Pit Stop Restaurant owner Jill Frisbee said she has noticed increasing interest in the park since its inception in 2014.

"People are coming, and it's more every year," she said. "I've only ever heard positive things about the park from people coming through town. Anything negative I've heard, it's usually from someone local, and they usually haven't been out to see it."

Frisbee said it's not uncommon for people to drive to Lincoln for an afternoon, visit the park, then stop in to her restaurant, located on the east end of town, for a meal.

BPSW was chosen as a finalist for the Tourism award thanks to around thirty nominations and beat out fellow nominees The Archie Bray Foundation of Helena, and The Montana Chainsaw Carving Competition in Libby.

"We had several nominations from Lincoln, and actually several from people all over the world who saw how to nominate us on Facebook," BPSW President Becky Garland told the BVD.

The Lincoln Valley Chamber of Commerce was amongst those who wrote in to nominate Sculpture in the Wild. Richards, who's also the LVCC President, said she composed the nomination letter with the help of her daughter-in-law, Jackie Daniel.

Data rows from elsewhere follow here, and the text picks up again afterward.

(* [ln_quad a c] takes the value [a] at both 1 and M, and its derivative
   [(t - 1) (a / t - 2 c)] has the sign of [t - 1] as long as [t <= a / (2 c)], where
   [1 <= a / (2 c)]: it decreases on (0, 1] and increases then decreases on [1, M], so
   its minimum on (0, M] is [a]. *)
Let ln_quad_ge [x : R] : 0 < x -> x <= M -> a <= ln_quad a c x.
Proof.
move=> x0 xM.
have ln_quad1 : ln_quad a c 1 = a by rewrite /ln_quad ln1; ring.
have ln_quadM : ln_quad a c M = a by rewrite /ln_quad /a /c; ring.
pose dF t := (t - 1) * (a / t - 2 * c).
have is_derive_dF (u v : R) : 0 < u -> forall t : R, t \in `[u, v] ->
    is_derive t 1 (ln_quad a c) (dF t).
  move=> u0 t; rewrite in_itv /= => /andP[ut _].
  by apply: is_derive_ln_quad; exact: lt_le_trans ut.
have [x_le1 | x_gt1] := lerP x 1.
  rewrite -[X in X <= _]ln_quad1; apply: (derive_le0_ge x_le1 (is_derive_dF _ _ x0)) => t.
  rewrite in_itv /= => /andP[xt t1]; have t0 := lt_le_trans x0 xt.
  rewrite mulr_le0_ge0 ?subr_le0 ?subr_ge0 // (le_trans twice_c_le_a) //.
  by rewrite ler_pdivlMr // ler_piMr // sqr_ge0.
have [x_small | x_large] := lerP (x * (2 * c)) a.
  rewrite -[X in X <= _]ln_quad1.
  apply: (derive_ge0_le (ltW x_gt1) (is_derive_dF _ _ ltr01)) => t.
  rewrite in_itv /= => /andP[t1 tx]; have t0 := lt_le_trans ltr01 t1.
  rewrite mulr_ge0 ?subr_ge0 // ler_pdivlMr // (le_trans _ x_small) //.
  by rewrite mulrC ler_wpM2r ?mulr_ge0 // ltW.
rewrite -[X in X <= _]ln_quadM; apply: (derive_le0_ge xM (is_derive_dF _ _ x0)) => t.
rewrite in_itv /= => /andP[xt tM]; have t0 := lt_le_trans x0 xt.
rewrite mulr_ge0_le0 ?subr_ge0 ?(le_trans (ltW x_gt1)) // subr_le0 ler_pdivrMr //.
by rewrite (le_trans (ltW x_large)) // mulrC ler_wpM2l ?mulr_ge0 // ltW.
Qed.

Lemma sqr_subr1_le_kappa [x : R] : 0 < x -> x <= M ->
  (x - 1) ^+ 2 <= kappa M * (x - 1 - ln x).
Proof.
move=> x0 xM; have := ln_quad_ge x0 xM.
rewrite /kappa /ln_quad -/a -/c => h.
rewrite mulrAC ler_pdivlMr //; lra.
Qed.

End kappa_M.
End kappa_bound.

Section finite_distributions.
Context {R : realType} {A : finType}.

Definition coverage (p q : A -> R) : R := \sum_a p a * (p a / q a).

Lemma norm_expectation_le (q f : A -> R) (B : R) :
  (forall a, 0 <= q a) -> \sum_a q a = 1 -> (forall a, `|f a| <= B) ->
  `|\sum_a q a * f a| <= B.
Proof.
move=> q0 q1 fB; apply: le_trans (ler_norm_sum _ _ _) _.
rewrite -[X in _ <= X]mul1r -q1 mulr_suml; apply: ler_sum => a _.
by rewrite normrM ger0_norm // ler_wpM2l.
Qed.

Lemma coverage_le_kappa_KL (p q : A -> R) (M : R) : 1 < M ->
  (forall a, 0 < p a) -> (forall a, 0 < q a) ->
  \sum_a p a = 1 -> \sum_a q a = 1 -> (forall a, p a / q a <= M) ->
  coverage p q <= 1 + kappa M * KL q p.
Proof.
move=> M1 p0 q0 p1 q1 pqM.
have -> : 1 + kappa M * KL q p =
    \sum_a (q a + kappa M * (q a * ln (q a / p a)) + (kappa M + 2) * (p a - q a)).
  by rewrite !big_split /= -!mulr_sumr sumrB p1 q1 subrr mulr0 addr0.
apply: ler_sum => a _.
have x0 : 0 < p a / q a by rewrite divr_gt0.
have := sqr_subr1_le_kappa M1 x0 (pqM a).
have -> : ln (q a / p a) = - ln (p a / q a) by rewrite -lnV ?posrE // invf_div.
set x := p a / q a => kappa_x.
have -> : p a = q a * x by rewrite mulrC divfK // gt_eqF.
rewrite -subr_ge0.
have -> : q a + kappa M * (q a * - ln x) + (kappa M + 2) * (q a * x - q a) - q a * x * x
    = q a * (kappa M * (x - 1 - ln x) - (x - 1) ^+ 2) by ring.
by rewrite mulr_ge0 ?subr_ge0 // ltW.
Qed.
End finite_distributions.

Section gibbs.
Context {R : realType} {A : finType}.

Definition gibbs (ref r : A -> R) (b : R) : A -> R :=
  fun a => ref a * expR (r a / b) / \sum_c ref c * expR (r c / b).

(* The integrand of [Jbeta]: [Jbeta rho ref r b pi] is the integral of
   [reg_reward (ref s) (r s) b (pi s)]. *)
Definition reg_reward (ref r : A -> R) (b : R) (q : A -> R) : R :=
  \sum_a q a * r a - b * KL q ref.

Context {ref r : A -> R} {b : R}.
Hypothesis ref_gt0 : forall a, 0 < ref a.
Hypothesis sum_ref : \sum_a ref a = 1.
Hypothesis r_ge0 : forall a, 0 <= r a.
Hypothesis b_gt0 : 0 < b.

Let Z := \sum_c ref c * expR (r c / b).
Let p := gibbs ref r b.

Lemma partition_ge1 : 1 <= Z.
Proof.
rewrite -sum_ref; apply: ler_sum => a _.
by rewrite ler_pMr // -expR0 ler_expR divr_ge0 // ltW.
Qed.

Let Z_gt0 : 0 < Z. Proof. exact: lt_le_trans ltr01 partition_ge1. Qed.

"The Lincoln Valley Chamber of Commerce proudly supports the Blackfoot Pathways: Sculpture in the Wild," the nomination letter read. "BPSW offers a unique art experience that changes with the seasons and celebrates the rich cultural, environmental and industrial history of the Blackfoot Valley...BPSW has brought such a positive economic impact to our community."

In addition to the nomination, Richards said the Chamber has contributed financially to the park in the past and is currently a participant in the park's "Three Year Donor" program, which pledges $2500 per year for three years.

Garland reasons the award can only bring more visitors to Lincoln.

"I'm sure we will now have a presence, maybe a picture of the park, on the Visit Montana website," she said. "Just the fact that our peers and the people at the Tourism Office saw their way to giving us the award...that was just great."

"I think people are going to hear about us more, and they're going to see that we got this tourism award, and if they haven't already been to the Sculpture Park they will be curious and want to go to it," Richards agreed. "Any recognition is great for Lincoln."